理性と誘惑との狭間で
記事一覧へ公開日: 2019/04/19
ここ最近、Twitterのタイムラインなどで、ぱち&スロライターの引退宣言を見かけることがある。僕は実際にお会いしたことがなかったり、誰かのリツイートによって流れてきた投稿も多いので、なぜ辞めるのかなど個々の詳細はまったくわからないのだけど、つい先日もガイドにいた2番セカンド近田がブログで引退宣言をしていた。
僕も、2011年にフィリピンへ移り住むにあたって、一度は引退を決意した身だ。まあ、僕の場合はここDMMやガイドでいまだ文章を書かせてもらっているし、年に数回、パチスロの番組に呼んでいただくこともあるので、完全引退とは言えない非常に中途半端な立ち位置ではあるのだけど、こんな、続けようが辞めようがさして社会に影響を与えないフリーのライターがあえて引退宣言をするということは、それなりの覚悟というか、考えがあってのことだと思う。
トップクラスとなると、今季の松坂の推定年俸くらいは稼げる夢のある世界ではあるが、需要がなければ毎月のようにゴールデンウィークがやってくる、シビアな世界でもある。今日データ取りをやったら10連休。一本動画の収録をやったら再び8連休。月の稼ぎは6万円しかないけれど、オレだっていつかは松坂に……と、なかなか踏ん切りがつかない、やくざな商売なのである。

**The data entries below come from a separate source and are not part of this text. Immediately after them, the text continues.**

(* Let $n\ge3$, $a>0$, $0<b<a/n$, $X=\{x\in\mathbb R^n:\sum_{i=1}^nx_i=a,\ x_i\ge b,\ i=1,\dots,n\}$, $p=1+1/\ln n$, $\gamma=1/(e\ln n)$ and $\omega(x)=\frac1{p\gamma}\sum_{i=1}^n|x_i|^p$. With $\|\cdot\|=\|\cdot\|_1$: (i) $\omega$ is strongly convex on $X$ with modulus $\mu(\omega)=\frac{e}{n\,a^{2-p}}$, i.e. $(\omega'(x)-\omega'(y))^\top(x-y)\ge\frac{e}{na^{2-p}}\|x-y\|_1^2$ for all $x,y\in X$; (ii) $D_{\omega,X}:=\sqrt{2[\max_X\omega-\min_X\omega]}\le\sqrt{\frac{2a^p}{p\gamma}\big(1-n^{-1/\ln n}\big)}$; (iii) for all $x,y\in X$, $V_x(y)\le\frac12M(\omega)\|x-y\|_1^2$ with $M(\omega)=\frac{e}{b^{1-1/\ln n}}$, where $V_x(y)=\omega(y)-\omega(x)-(y-x)^\top\nabla\omega(x)$.
   Context: $e=\exp(1)$; $\|x\|_1=\sum_i|x_i|$. *)

From Stdlib Require Import Reals Lra Lia.
Open Scope R_scope.

(* Vectors in R^n are functions nat -> R, only indices 0..n-1 matter. *)
Fixpoint rsum (n : nat) (f : nat -> R) : R :=
  match n with
  | O => 0
  | S k => rsum k f + f k
  end.

Definition InX (n : nat) (a b : R) (x : nat -> R) : Prop :=
  rsum n x = a /\ (forall i, (i < n)%nat -> b <= x i).

Definition norm1 (n : nat) (x : nat -> R) : R := rsum n (fun i => Rabs (x i)).

Definition pexp (n : nat) : R := 1 + 1 / ln (INR n).
Definition gam (n : nat) : R := 1 / (exp 1 * ln (INR n)).

Definition omega (n : nat) (x : nat -> R) : R :=
  1 / (pexp n * gam n) * rsum n (fun i => Rpower (Rabs (x i)) (pexp n)).

Definition upd (x : nat -> R) (i : nat) (t : R) : nat -> R :=
  fun j => if Nat.eqb j i then t else x j.

Definition dotp (n : nat) (u v : nat -> R) : R := rsum n (fun i => u i * v i).

From Stdlib Require Import Reals Lra Lia.
Open Scope R_scope.

(* On X every coordinate lies in [b, a], and omega is a sum of the scalar
   functions t^p / (p gamma), whose second derivative t^(p-2) (p - 1) / gamma
   = e t^(p-2) is squeezed between e a^(p-2) and e b^(p-2) because p <= 2.
   The mean value theorem (for the gradient) and Taylor's formula with
   Lagrange remainder (for the Bregman divergence) turn these into the
   coordinatewise bounds of (i) and (iii), which pass to the l1 norm through
   |d|_2^2 <= |d|_1^2 <= n |d|_2^2.  For (ii), sum x_i^p is at most a^p
   (as x_i^(p-1) <= a^(p-1)) and, by Jensen, at least n (a/n)^p. *)

Lemma rsum_ext n f g : (forall i, (i < n)%nat -> f i = g i) -> rsum n f = rsum n g.
Proof.
  induction n as [|n IH]; intros h; simpl; [reflexivity|].
  rewrite IH, h; auto; intros; apply h; lia.
Qed.

Lemma rsum_plus n f g : rsum n (fun i => f i + g i) = rsum n f + rsum n g.
Proof. induction n as [|n IH]; simpl; [ring|]. rewrite IH; ring. Qed.

Lemma rsum_minus n f g : rsum n (fun i => f i - g i) = rsum n f - rsum n g.
Proof. induction n as [|n IH]; simpl; [ring|]. rewrite IH; ring. Qed.

Lemma rsum_scal n c f : rsum n (fun i => c * f i) = c * rsum n f.
Proof. induction n as [|n IH]; simpl; [ring|]. rewrite IH; ring. Qed.

Lemma rsum_const n c : rsum n (fun _ => c) = INR n * c.
Proof. induction n as [|n IH]; simpl rsum; [simpl; ring|]. rewrite IH, S_INR; ring. Qed.

Lemma rsum_le n f g : (forall i, (i < n)%nat -> f i <= g i) -> rsum n f <= rsum n g.
Proof.
  induction n as [|n IH]; intros h; simpl; [lra|].
  assert (f n <= g n) by (apply h; lia).
  assert (rsum n f <= rsum n g) by (apply IH; intros; apply h; lia).
  lra.
Qed.

Lemma rsum_nonneg n f : (forall i, (i < n)%nat -> 0 <= f i) -> 0 <= rsum n f.
Proof.
  intros h. rewrite <- (Rmult_0_r (INR n)), <- rsum_const. now apply rsum_le.
Qed.

Lemma rsum_ge_term n f i :
  (forall j, (j < n)%nat -> 0 <= f j) -> (i < n)%nat -> f i <= rsum n f.
Proof.
  induction n as [|n IH]; intros h hi; [lia|]. simpl.
  assert (0 <= rsum n f) by (apply rsum_nonneg; intros; apply h; lia).
  assert (0 <= f n) by (apply h; lia).
  destruct (Nat.eq_dec i n) as [->|ne]; [lra|].
  assert (f i <= rsum n f) by (apply IH; [intros; apply h | ]; lia).
  lra.
Qed.

Lemma rsum_upd n f i u : (i < n)%nat ->
  rsum n (upd f i u) = rsum n f - f i + u.
Proof.
  unfold upd. induction n as [|n IH]; intros hi; [lia|]. simpl.
  destruct (Nat.eqb_spec n i) as [->|ne].
  - rewrite (rsum_ext i _ f); [ring|].
    intros j hj. destruct (Nat.eqb_spec j i); [lia|reflexivity].
  - rewrite IH by lia. ring.
Qed.

Lemma rsum_sq_le_sq_rsum n u :
  (forall i, (i < n)%nat -> 0 <= u i) -> rsum n (fun i => u i ^ 2) <= rsum n u ^ 2.
Proof.
  induction n as [|n IH]; intros h; cbn [rsum]; [lra|].
  assert (0 <= u n) by (apply h; lia).
  assert (0 <= rsum n u) by (apply rsum_nonneg; intros; apply h; lia).
  assert (rsum n (fun i => u i ^ 2) <= rsum n u ^ 2) by (apply IH; intros; apply h; lia).
  nra.
Qed.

M-1をつくった理由のひとつを、島田紳助は「芸人を辞めるきっかけを与えるため」と言っていた。才能ないのに10年もこんな仕事したらあかん、と。ダメならダメで、また新しいことを頑張ればいい、と。
僕は9年前、業界はこれからは動画全盛になるだろうと先をみて、そこで戦う力は僕にはないと冷静に判断して違う道を模索するようになった(そのほかにも理由はいくつかあるけれど)。僕個人としてはその判断は正解だったと思うけれど、なにがきっかけで売れるかわからない商売だからこそ、なにをさておき続けることが重要という考えもある。
文章はからっきしだったのに、動画の時代になって輝いた人だっているだろう。スロでは埋もれていたけど、仕事の幅が麻雀やボートにまで広がって、光が当りはじめた人だっているだろう。
なにが正しくて、なにが間違っているのかなんてわからないのだとしたら、判断の基準は自分が納得して選んだ道かどうか。続けるにせよ、辞めるにせよ、後ろを振り返りながら、後悔しながら進むよりも、前向きに歩いたほうがいいに決まっている。
決断をして、一歩を踏み出す人を僕は尊敬するし、応援したいとも思う。今日も、そうやって他でもない、自分自身にそう言い聞かせているわけだ。
よし、食おうかどうかずっと迷っていたけど、チョコレートが入ったクロワッサン、頼んじゃおう。僕は今日も理性と誘惑の狭間で悩み、もがき、そして、クロワッサンに向けて、大きな一歩を踏み出します。人生は、決断の連続です。